Record excerpts –
(* Let $q,q',n$ be integers with $q'\ge 2q>3$ and $n>1$. Let $S$ be an $\mathcal{OS}_q(n)$ of period $m$ with ring sequence $[s_0,\ldots,s_{m-1}]$, and for $x\in\mathbb{Z}_q$ let $x'$ denote the class in $\mathbb{Z}_{q'}$ of the integer in $\{0,\ldots,q-1\}$ representing $x$. Let $T$ be the sequence over $\mathbb{Z}_{q'}$ with ring sequence $[t_0,\ldots,t_{m-1}]$, where $t_i=(-1)^{i+m-1}s_i'$ if $s_i'\neq 0$ and $t_i=(-1)^{i+m-1}q$ (as an element of $\mathbb{Z}_{q'}$) if $s_i'=0$. Then $T$ is an $\mathcal{SOS}_{q'}(n)$.
   Context: For a periodic sequence $S=(s_i)$ over $\mathbb{Z}_q$ write $\mathbf{s}_n(i)=(s_i,\ldots,s_{i+n-1})$; $\mathbf{u}^R$ denotes the reverse of a tuple and $-\mathbf{u}$ its termwise negative. An $n$-window sequence of period $m$ satisfies $\mathbf{s}_n(i)=\mathbf{s}_n(j)\Rightarrow i\equiv j\pmod m$. An $\mathcal{OS}_q(n)$ is an $n$-window sequence with $\mathbf{s}_n(i)\neq\mathbf{s}_n(j)^R$ for all $i,j$; an $\mathcal{SOS}_q(n)$ is an $\mathcal{OS}_q(n)$ with also $\mathbf{s}_n(i)\neq-\mathbf{s}_n(j)^R$ for all $i,j$. The ring sequence of a sequence of period $m$ is one period, i.e. $s_{i+tm}=s_i$. *)

From HB Require Import structures.
From mathcomp Require Import all_boot all_algebra.
Set Implicit Arguments. Unset Strict Implicit. Unset Printing Implicit Defensive.
Import GRing.Theory.
Local Open Scope ring_scope.

Definition window (V : Type) (s : nat -> V) (n i : nat) : seq V :=
  [seq s (i + k)%N | k <- iota 0 n].

Definition periodic (V : Type) (s : nat -> V) (m : nat) : Prop :=
  (0 < m)%N /\ forall i, s (i + m)%N = s i.

Definition window_seq (V : eqType) (s : nat -> V) (n m : nat) : Prop :=
  periodic s m /\
  forall i j, window s n i = window s n j -> i = j %[mod m].

Definition OS (V : eqType) (s : nat -> V) (n m : nat) : Prop :=
  window_seq s n m /\ forall i j, window s n i <> rev (window s n j).

Definition SOS (V : zmodType) (s : nat -> V) (n m : nat) : Prop :=
  OS s n m /\
  forall i j, window s n i <> map (fun x => - x) (rev (window s n j)).

Definition liftZ (q q' : nat) (x : 'Z_q) : 'Z_q' := (val x)%:R.

Definition Tseq (q q' : nat) (s : nat -> 'Z_q) (m : nat) (i : nat) : 'Z_q' :=
  let j := (i %% m)%N in
  let x := liftZ q' (s j) in
  (-1) ^+ (j + m - 1)%N * (if x != 0 then x else q%:R).

(* Reading an element v of Z_{q'} as its distance min(v, q' - v) to 0 and
   reducing modulo q gives a map Z_{q'} -> Z_q that is invariant under
   negation and inverts the letter-by-letter encoding s_i |-> t_i up to sign:
   the encoded letters lie in {1, ..., q}, and q' - q >= q.  Hence every
   window of T and every negated window of T decodes to the corresponding
   window of S, so a coincidence of windows of T (possibly reversed and
   negated) would give one for S, which S, being an OS_q(n), excludes. *)
From mathcomp Require Import all_boot all_algebra.
From mathcomp Require Import zify.

Set Implicit Arguments.
Unset Strict Implicit.
Unset Printing Implicit Defensive.
Import GRing.Theory.
Local Open Scope ring_scope.

Lemma window_map (V W : Type) (f : V -> W) (t : nat -> V) n i :
  window (f \o t) n i = map f (window t n i).
Proof. by rewrite /window -map_comp. Qed.

Lemma periodic_mod (V : Type) (s : nat -> V) m :
  periodic s m -> forall i, s i = s (i %% m)%N.
Proof.
move=> [_ sP] i; rewrite {1}(divn_eq i m).
elim: (i %/ m)%N => [|k IHk]; first by rewrite mul0n add0n.
by rewrite mulSn -addnA addnC sP.
Qed.

Lemma ltn_Zp p (x : 'Z_p) : (1 < p)%N -> (x < p)%N.
Proof. by move=> p_gt1; rewrite -[p in (_ < p)%N]Zp_cast // ltn_ord. Qed.

Lemma val_Zp_opp p (v : 'Z_p) : (1 < p)%N -> val (- v) = ((p - v) %% p)%N.
Proof.
move=> p_gt1; have -> : val (- v) = (((Zp_trunc p).+2 - v) %% (Zp_trunc p).+2)%N by [].
(* Generalize [v] so that rewriting the modulus leaves its type alone. *)
by move: (nat_of_ord v) => k; rewrite Zp_cast.
Qed.

Section DecodedWindows.

Variables (V : zmodType) (W : eqType) (f : V -> W) (t : nat -> V) (s : nat -> W).
Hypothesis f_opp : forall x, f (- x) = f x.
Hypothesis s_ft : forall i, s i = f (t i).

Lemma window_decode n i : window s n i = map f (window t n i).
Proof. by rewrite -window_map; apply: eq_map => k; rewrite s_ft. Qed.

Lemma SOS_of_OS_decode n m : periodic t m -> OS s n m -> SOS t n m.
Proof.
move=> tP [[_ sW] sR]; split; first split.
- split=> // i j tij; apply: sW.
  by rewrite !window_decode tij.
- move=> i j tij; apply: (sR i j).
  by rewrite !window_decode tij map_rev.
move=> i j tij; apply: (sR i j).
by rewrite !window_decode tij -map_comp (eq_map f_opp) map_rev.
Qed.

End DecodedWindows.

Section Encoding.

Variables (q q' : nat).
Hypothesis q_gt1 : (1 < q)%N.
Hypothesis q'_ge : (2 * q <= q')%N.

Let q'_gt1 : (1 < q')%N. Proof. lia. Qed.

Definition encodeZ (x : 'Z_q) : 'Z_q' :=
  let y := liftZ q' x in if y != 0 then y else q%:R.

Definition decodeZ (v : 'Z_q') : 'Z_q := (minn v (q' - v))%:R.

Lemma decodeZN v : decodeZ (- v) = decodeZ v.
Proof.
have [->|v_neq0] := eqVneq v 0; first by rewrite oppr0.
have v_pos : (0 < v)%N by rewrite lt0n; apply: contra v_neq0 => /eqP v0; apply/eqP/val_inj.
have v_lt := ltn_Zp v q'_gt1.
rewrite /decodeZ val_Zp_opp // modn_small; last lia.
by congr _%:R; lia.
Qed.

Lemma encodeZE (x : 'Z_q) :
  encodeZ x = (if nat_of_ord x == 0%N then q else x)%:R.
Proof.
have x_lt := ltn_Zp x q_gt1.
have liftE : nat_of_ord (liftZ q' x) = x by rewrite /liftZ /= val_Zp_nat // modn_small //; lia.
rewrite /encodeZ; have [x0|x_neq0] := eqVneq (nat_of_ord x) 0%N.
  have -> : liftZ q' x = 0 by apply: val_inj; rewrite /= liftE x0.
  by rewrite eqxx.
have -> // : liftZ q' x != 0.
by apply: contra x_neq0 => /eqP lift0; rewrite -liftE lift0.
Qed.

Lemma encodeZK : cancel encodeZ decodeZ.
Proof.
move=> x; rewrite encodeZE; set c := (if _ then _ else _).
have x_lt := ltn_Zp x q_gt1.
have c_le : (c <= q)%N by rewrite /c; case: eqP => _; lia.
rewrite /decodeZ val_Zp_nat // modn_small; last lia.
have -> : minn c (q' - c) = c by apply/minn_idPl; lia.
rewrite /c; case: eqP => [x0|_]; last exact: natr_Zp.
by rewrite pchar_Zp //; apply: val_inj; rewrite /= x0.
Qed.

Lemma decodeZ_Tseq (s : nat -> 'Z_q) m :
  periodic s m -> forall i, s i = decodeZ (Tseq q' s m i).
Proof.
move=> sP i; rewrite (periodic_mod sP) /Tseq -signr_odd mulr_sign.
by case: ifP => _; rewrite ?decodeZN encodeZK.
Qed.

End Encoding.

Lemma periodic_Tseq (q q' : nat) (s : nat -> 'Z_q) m :
  (0 < m)%N -> periodic (Tseq q' s m) m.
Proof. by split=> // i; rewrite /Tseq modnDr. Qed.

Theorem lemma3p12 (q q' n m : nat) (s : nat -> 'Z_q) :
  (2 * q <= q')%N -> (3 < 2 * q)%N -> (1 < n)%N ->
  OS s n m ->
  SOS (Tseq q' s m) n m.
Proof.
move=> q'_ge q_gt _ sOS.
have q_gt1 : (1 < q)%N by lia.
have [[[m_gt0 _] _] _] := sOS.
exact: (SOS_of_OS_decode (decodeZN q_gt1 q'_ge)
          (decodeZ_Tseq q_gt1 q'_ge sOS.1.1) (periodic_Tseq q' s m_gt0) sOS).
Qed.
(* Let $L$ be a link diagram with a checkerboard shading. The set of unshaded regions admits an alternating signing if and only if the following holds: for every shaded region $R$ and every connected component $\Gamma$ of the boundary of $R$ that is not a simple closed loop without vertices, the number of edges of $\Gamma$ is even. The same statement holds with the roles of shaded and unshaded regions interchanged.
   Context: Diagrams: a link (knot) diagram is the underlying graph of a regular projection of a link (knot) into $S^2$. Its vertices are the crossings, each of valence 4, and over/under information is ignored. Components without crossings are closed loops, each regarded as one edge with no vertices. Regions are the connected components of $S^2\setminus L$. A vertex or edge is incident to a region if it lies in the boundary of that region. Two regions are adjacent if they are incident to a common edge. Checkerboard shading: a checkerboard shading is a shading of some regions such that, of any two adjacent regions, exactly one is shaded. Alternating signing: let $\mathcal R$ be either the set of shaded regions or the set of unshaded regions. An alternating signing of $\mathcal R$ is an assignment of a sign $+$ or $-$ to each region of $\mathcal R$ such that every vertex of the diagram is incident to two regions of $\mathcal R$ carrying opposite signs. A diagram with such a signing of its shaded or of its unshaded regions is called an alternating sign diagram. *)

From mathcomp Require Import all_boot fingroup perm.
Set Implicit Arguments. Unset Strict Implicit. Unset Printing Implicit Defensive.

(* A link diagram L (its underlying 4-valent graph in S^2, crossing
   information ignored) is encoded as:
   - D    : the darts (half-edges) at the crossings; each crossing has 4;
   - rot  : the cyclic rotation of darts around their crossing (orientation
            of S^2); crossings (vertices) = rot-orbits, all of size 4;
   - ed   : fixed-point free involution pairing the two ends of an edge;
            edges = {d, ed d};
   - the boundary walks of the connected components with crossings are the
     orbits of  phi d := rot (ed d)  (dart d's walk follows the edge of d
     and contains the corner between rot^-1 d and d at the crossing of d);
   - nl   : number of crossing-free components (closed loops, one edge
            each, two sides: "in" and "out");
   - Reg  : the regions of S^2 \ L; regD d is the region of the walk of d,
            regIn i / regOut i the regions on the two sides of loop i.
   Realisability in S^2: every map component is spherical (Euler formula,
   summed over components) and the bipartite incidence multigraph between
   components of L and regions (one edge per boundary walk) is a tree
   (connected, #vertices = #edges + 1). *)
Record diagram := Diagram {
  D : finType;
  nl : nat;
  Reg : finType;
  ed : {perm D};
  rot : {perm D};
  regD : D -> Reg;
  regIn : 'I_nl -> Reg;
  regOut : 'I_nl -> Reg
}.
Arguments regD : clear implicits.
Arguments regIn : clear implicits.
Arguments regOut : clear implicits.

Definition phi (L : diagram) (d : D L) : D L := rot L (ed L d).

Definition map_adj (L : diagram) : rel (D L) :=
  [rel x y | (y == ed L x) || (y == rot L x) || (x == rot L y)].
Arguments map_adj : clear implicits.

Definition node (L : diagram) : finType := ((D L + 'I_(nl L)) + Reg L)%type.

Definition node_adj (L : diagram) : rel (node L) :=
  fun x y =>
  match x, y with
  | inl (inl a), inl (inl b) => map_adj L a b || map_adj L b a
  | inl (inl a), inr r | inr r, inl (inl a) => regD L a == r
  | inl (inr i), inr r | inr r, inl (inr i) => (regIn L i == r) || (regOut L i == r)
  | _, _ => false
  end.
Arguments node_adj : clear implicits.

Definition link_diagram (L : diagram) : Prop :=
  [/\ (0 < #|D L| + nl L)%N,
      (forall d : D L, ed L (ed L d) = d /\ ed L d != d),
      (forall d : D L, fingraph.order (rot L) d = 4),
      (forall d : D L, regD L (phi d) = regD L d) &
    [/\
      (* each crossing component is a sphere: sum of V - E + F = 2 c *)
      fcard (rot L) (D L) + fcard (@phi L) (D L)
        = fcard (ed L) (D L) + 2 * n_comp (map_adj L) (D L),
      (forall x y : node L, connect (node_adj L) x y) &
      (* tree: #regions + #components = #boundary walks + 1 *)
      #|Reg L| + (n_comp (map_adj L) (D L) + nl L)
        = fcard (@phi L) (D L) + 2 * nl L + 1 ] ].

Aim of the exercise – All that is wanted is an exact copy of the lines above from the one with "(* A link diagram" through the one with "their crossing (orientation", with both ends included.

Task answer –
(* A link diagram L (its underlying 4-valent graph in S^2, crossing
   information ignored) is encoded as:
   - D    : the darts (half-edges) at the crossings; each crossing has 4;
   - rot  : the cyclic rotation of darts around their crossing (orientation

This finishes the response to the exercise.